The effect of SMESE on serum VLDL levels in normal and diabetic rats over five weeks of treatment is shown in Figure 6. There was a significant decrease in serum VLDL levels (p < 0.0001) in groups 3–6 compared to that in group 2. This decrease in VLDL started to appear in the second week in group 6, but in the third week in groups 3, 4, and 5, and continued until the end of the experiment.

Figure 6.

Notes: *Significant when compared to the normal diet group; †significant when compared to the diabetic control group for the same week. VLDL: very low-density lipoprotein.

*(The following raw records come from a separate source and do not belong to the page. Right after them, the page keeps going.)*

Lemma quartic_cube : s ^+ 3 = a *: s ^+ 2 + b *: s + c%:A + d *: t.
Proof.
rewrite -(exprDK 3 1 st) quartic !mulrDl -!scalerAl mul1r.
by rewrite (exprDK 2 1) // (exprDK 1 1) // st.
Qed.

Lemma quartic_sqr : s ^+ 2 = a *: s + b%:A + c *: t + d *: t ^+ 2.
Proof.
rewrite -(exprDK 2 1 st) quartic_cube !mulrDl -!scalerAl mul1r.
by rewrite (exprDK 1 1) // st expr2.
Qed.

Lemma closed_ipow (G : A -> Prop) : closedS G ->
  G (t ^+ 2) -> G t -> G 1 -> G s -> forall m, G (ipow s t m).
Proof.
move=> hG Gt2 Gt G1 Gs [n|n] /=.
  suff Gst k : G (s ^+ k * t ^+ 2) by rewrite -(exprDK n 2 st); apply: Gst.
  elim/nat_ind4: k => [||||k Gk Gk1 Gk2 Gk3].
  - by rewrite mul1r.
  - by rewrite expr1 expr2 mulrA st mul1r.
  - by rewrite (exprDK 0 2 st).
  - by rewrite (exprDK 1 2 st).
  by rewrite quartic_shift !mulrDl -!scalerAl; closedS_lin hG.
have tsK k : t ^+ k.+1 * s = t ^+ k by rewrite exprSr -mulrA ts mulr1.
suff Gts k : G (t ^+ k * s) by rewrite -tsK; apply: Gts.
elim/nat_ind4: k => [||||k Gk Gk1 Gk2 Gk3]; try by rewrite ?mul1r ?tsK.
rewrite (eq_scale_unit du (quartic_inv_shift k)) -scalerAl mulrBl !mulrDl -!scalerAl.
by closedS_lin hG.
Qed.

Lemma subalg1_inv : subalg1 s t.
Proof.
have hS := subalg1_closed s.
rewrite (eq_scale_unit du quartic_cube); closedS_lin hS.
- exact: subalg1_exp.
- exact: subalg1_exp.
- exact: subalg1_id.
- exact: subalg1_1.
Qed.

Lemma subalg1_ipow m : subalg1 s (ipow s t m).
Proof.
apply: closed_ipow.
- exact: subalg1_closed.
- by rewrite expr2; apply: subalg1_mul; apply: subalg1_inv.
- exact: subalg1_inv.
- exact: subalg1_1.
- exact: subalg1_id.
Qed.

End UnitQuartic.

Section UMembership.
Variables (R : comUnitRingType) (A : algType R) (s1 s2 t1 t2 : A).
Implicit Types x y z : A.

Lemma Uprime_closed : closedS (Uprime s1 s2 t1 t2).
Proof. by rewrite /Uprime /=; repeat apply: addS_closed; apply: prodS_closed. Qed.

Lemma Ufull_closed : closedS (Ufull s1 s2 t1 t2).
Proof.
by rewrite /Ufull /=; repeat apply: addS_closed; apply: Uprime_closed || apply: prodS_closed.
Qed.

Lemma Uprime_u1u2u1 x y z : subalg1 s1 x -> subalg1 s2 y -> subalg1 s1 z ->
  Uprime s1 s2 t1 t2 (x * y * z).
Proof.
by move=> *; rewrite /Uprime /=; repeat apply: addSl; by [apply: prodS_closed | apply: prodS3].
Qed.

Lemma Uprime_s2t1s2 x y : subalg1 s1 x -> subalg1 s1 y ->
  Uprime s1 s2 t1 t2 (x * s2 * t1 * s2 * y).
Proof.
move=> *; rewrite /Uprime /=; apply: addSl; first exact: prodS_closed.
apply: addSl; first exact: prodS_closed.
by apply: addSr; [apply: prodS_closed | apply: prodS5].
Qed.

Lemma Uprime_t2s1t2 x y : subalg1 s1 x -> subalg1 s1 y ->
  Uprime s1 s2 t1 t2 (x * t2 * s1 * t2 * y).
Proof.
move=> *; rewrite /Uprime /=; apply: addSl; first exact: prodS_closed.
by apply: addSr; [apply: addS_closed; apply: prodS_closed | apply: prodS5].
Qed.

Lemma Uprime_t2t1t1t2 x : subalg1 s1 x -> Uprime s1 s2 t1 t2 (x * t2 * t1 ^+ 2 * t2).
Proof.
move=> *; rewrite /Uprime /=; apply: addSr; last exact: prodS4.
by repeat apply: addS_closed; apply: prodS_closed.
Qed.

Lemma Ufull_Uprime x : Uprime s1 s2 t1 t2 x -> Ufull s1 s2 t1 t2 x.
Proof. by move=> *; rewrite /Ufull /=; do 2 (apply: addSl; first exact: prodS_closed). Qed.

Lemma Ufull_s2t1t1s2 x y : subalg1 s1 x -> subalg1 s1 y ->
  Ufull s1 s2 t1 t2 (x * s2 * t1 ^+ 2 * s2 * y).
Proof.
move=> *; rewrite /Ufull /=; apply: addSl; first exact: prodS_closed.
by apply: addSr; [apply: Uprime_closed | apply: prodS5].
Qed.

End UMembership.





Section Braid.
Variables (R : pzRingType) (s1 s2 t1 t2 : R).
Hypotheses (s1t1 : s1 * t1 = 1) (t1s1 : t1 * s1 = 1) (s2t2 : s2 * t2 = 1) (t2s2 : t2 * s2 = 1).
Hypothesis braid : s1 * s2 * s1 = s2 * s1 * s2.

Lemma braid_inv : t2 * t1 * t2 = t1 * t2 * t1.
Proof.
apply: (@linv_rinv_eq _ (s1 * s2 * s1)).
  by rewrite !mulrA (mulrK1 _ s1t1) (mulrK1 _ s2t2) s1t1.
by rewrite braid !mulrA (mulrK1 _ t2s2) (mulrK1 _ t1s1) t2s2.
Qed.

Lemma braid_conj : s2 * s1 * t2 = t1 * s2 * s1.
Proof.
have := congr1 (fun x => t1 * x * t2) braid.
by rewrite /= !mulrA t1s1 mul1r (mulrK1 _ s2t2).
Qed.

Lemma braid_conj_inv : s2 * t1 * t2 = t1 * t2 * s1.
Proof.
apply/esym/(@linv_rinv_eq _ (s2 * s1 * t2)).
  by rewrite !mulrA (mulrK1 _ t2s2) (mulrK1 _ s1t1) s2t2.
by rewrite braid_conj !mulrA (mulrK1 _ s1t1) (mulrK1 _ t2s2) t1s1.
Qed.

End Braid.

Section BraidQuartic.
Variables (R : comUnitRingType) (A : algType R) (a b c d : R) (s1 s2 t1 t2 : A).
Hypothesis du : d \is a GRing.unit.
Hypotheses (s1t1 : s1 * t1 = 1) (t1s1 : t1 * s1 = 1) (s2t2 : s2 * t2 = 1) (t2s2 : t2 * s2 = 1).
Hypothesis braid : s1 * s2 * s1 = s2 * s1 * s2.
Hypothesis quartic1 : s1 ^+ 4 = a *: s1 ^+ 3 + b *: s1 ^+ 2 + c *: s1 + d%:A.
Hypothesis quartic2 : s2 ^+ 4 = a *: s2 ^+ 3 + b *: s2 ^+ 2 + c *: s2 + d%:A.

Let U' := Uprime s1 s2 t1 t2.
Let U := Ufull s1 s2 t1 t2.

Let u1_t1 : subalg1 s1 t1 := subalg1_inv du s1t1 quartic1.
Let u2_t2 : subalg1 s2 t2 := subalg1_inv du s2t2 quartic2.
Local Hint Resolve subalg1_1 subalg1_id subalg1_exp u1_t1 u2_t2 : core.

Lemma conj_s2_ipow m : s2 * ipow s1 t1 m * t2 = t1 * ipow s2 t2 m * s1.
Proof.
rewrite conj_ipow // (braid_conj t1s1 s2t2 braid).
by rewrite (braid_conj_inv s1t1 t1s1 s2t2 t2s2 braid) -conj_ipow.
Qed.

Lemma Ufull_s2_ipow_s2 m : U (s2 * ipow s1 t1 m * s2).
Proof.
apply: (closed_ipow du s1t1 t1s1 quartic1 (G := fun x => U (s2 * x * s2))).
- exact: closedS_conj (Ufull_closed _ _ _ _).
- have -> : s2 * t1 ^+ 2 * s2 = 1 * s2 * t1 ^+ 2 * s2 * 1 by rewrite mul1r mulr1.
  exact: Ufull_s2t1t1s2.
- have -> : s2 * t1 * s2 = 1 * s2 * t1 * s2 * 1 by rewrite mul1r mulr1.
  exact/Ufull_Uprime/Uprime_s2t1s2.
- have -> : s2 * 1 * s2 = 1 * s2 ^+ 2 * 1 by rewrite mul1r !mulr1 expr2.
  exact/Ufull_Uprime/Uprime_u1u2u1.
by rewrite -braid; apply/Ufull_Uprime/Uprime_u1u2u1.
Qed.

Lemma Uprime_t2_ipow_t2 m : U' (t2 * ipow s1 t1 m * t2).
Proof.
apply: (closed_ipow du s1t1 t1s1 quartic1 (G := fun x => U' (t2 * x * t2))).
- exact: closedS_conj (Uprime_closed _ _ _ _).
- have -> : t2 * t1 ^+ 2 * t2 = 1 * t2 * t1 ^+ 2 * t2 by rewrite mul1r.
  exact: Uprime_t2t1t1t2.
- by rewrite (braid_inv s1t1 t1s1 s2t2 t2s2 braid); apply: Uprime_u1u2u1.
- rewrite mulr1 -[t2 * t2]mul1r -[1 * _]mulr1.
  by apply: Uprime_u1u2u1 => //; apply: subalg1_mul.
have -> : t2 * s1 * t2 = 1 * t2 * s1 * t2 * 1 by rewrite mul1r mulr1.
exact: Uprime_t2s1t2.
Qed.

Lemma Uprime_ipow_t2 m : U' (ipow s1 t1 m * t2).
Proof.
rewrite -[_ * t2]mulr1; apply: Uprime_u1u2u1 => //.
exact: subalg1_ipow du s1t1 t1s1 quartic1 m.
Qed.

Lemma Uprime_s2_ipow_t2 m : U' (s2 * ipow s1 t1 m * t2).
Proof.
rewrite conj_s2_ipow; apply: Uprime_u1u2u1 => //.
exact: subalg1_ipow du s2t2 t2s2 quartic2 m.
Qed.

Lemma Uprime_s2s2_ipow_t2 m : U' (s2 ^+ 2 * ipow s1 t1 m * t2).
Proof.
have -> : s2 ^+ 2 * ipow s1 t1 m * t2 = s2 * (s2 * ipow s1 t1 m * t2).
  by rewrite expr2 !mulrA.
rewrite conj_s2_ipow !mulrA.
apply: (closed_ipow du s2t2 t2s2 quartic2 (G := fun x => U' (s2 * t1 * x * s1))).
- exact: closedS_conj (Uprime_closed _ _ _ _).
- rewrite expr2 mulrA (braid_conj_inv s1t1 t1s1 s2t2 t2s2 braid).
  exact: Uprime_t2s1t2.
- rewrite (braid_conj_inv s1t1 t1s1 s2t2 t2s2 braid) -(mulrA _ s1 s1).
  by apply: Uprime_u1u2u1 => //; apply: subalg1_mul.
- have -> : s2 * t1 * 1 * s1 = 1 * s2 * 1 by rewrite mulr1 -mulrA t1s1 mul1r !mulr1.
  exact: Uprime_u1u2u1.
have -> : s2 * t1 * s2 * s1 = 1 * s2 * t1 * s2 * s1 by rewrite mul1r.
exact: Uprime_s2t1s2.
Qed.

Lemma Uprime_t2t2_ipow_t2 m : U' (t2 ^+ 2 * ipow s1 t1 m * t2).
Proof.
have hU := Uprime_closed s1 s2 t1 t2.
rewrite (eq_scale_unit du (quartic_sqr s2t2 quartic2)) -!scalerAl.
rewrite !mulrBl !mulrDl -!scalerAl mul1r; closedS_lin hU.
- exact: Uprime_s2s2_ipow_t2.
- exact: Uprime_s2_ipow_t2.
- exact: Uprime_ipow_t2.
- exact: Uprime_t2_ipow_t2.
Qed.

End BraidQuartic.

Theorem lemma3p1 (R : comUnitRingType) (A : algType R) (a b c d : R)
  (s1 s2 t1 t2 : A) :
  d \is a GRing.unit ->
  s1 * t1 = 1 -> t1 * s1 = 1 -> s2 * t2 = 1 -> t2 * s2 = 1 ->
  s1 * s2 * s1 = s2 * s1 * s2 ->
  s1 ^+ 4 = a *: s1 ^+ 3 + b *: s1 ^+ 2 + c *: s1 + d%:A ->
  s2 ^+ 4 = a *: s2 ^+ 3 + b *: s2 ^+ 2 + c *: s2 + d%:A ->
  forall m : int,
    Ufull s1 s2 t1 t2 (s2 * ipow s1 t1 m * s2) /\
    Uprime s1 s2 t1 t2 (t2 * ipow s1 t1 m * t2) /\
    Uprime s1 s2 t1 t2 (t2 ^+ 2 * ipow s1 t1 m * t2).
Proof.
move=> du s1t1 t1s1 s2t2 t2s2 braid quartic1 quartic2 m.
split; first exact: Ufull_s2_ipow_s2 du s1t1 t1s1 braid quartic1 m.
split; first exact: Uprime_t2_ipow_t2 du s1t1 t1s1 s2t2 t2s2 braid quartic1 quartic2 m.
exact: Uprime_t2t2_ipow_t2 du s1t1 t1s1 s2t2 t2s2 braid quartic1 quartic2 m.
Qed.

STZ Decreased High-density Lipoprotein Levels in Diabetic Rats and SMESE Reversed this Decrease

Figure 7 shows the HDL levels in the control and experimental groups during the five-week experimental period. Oral administration of SMESE at doses of 30, 100, or 300 mg/kg body weight to diabetic rats significantly reversed the decrease in HDL induced by STZ (p < 0.0001). At the end of the experiment, SMESE administration and metformin treatment caused a progressive increase in HDL levels.

Figure 7.

Notes: *Significant when compared to the normal diet group; †significant when compared to the diabetic control group for the same week. HDL, high-density lipoprotein.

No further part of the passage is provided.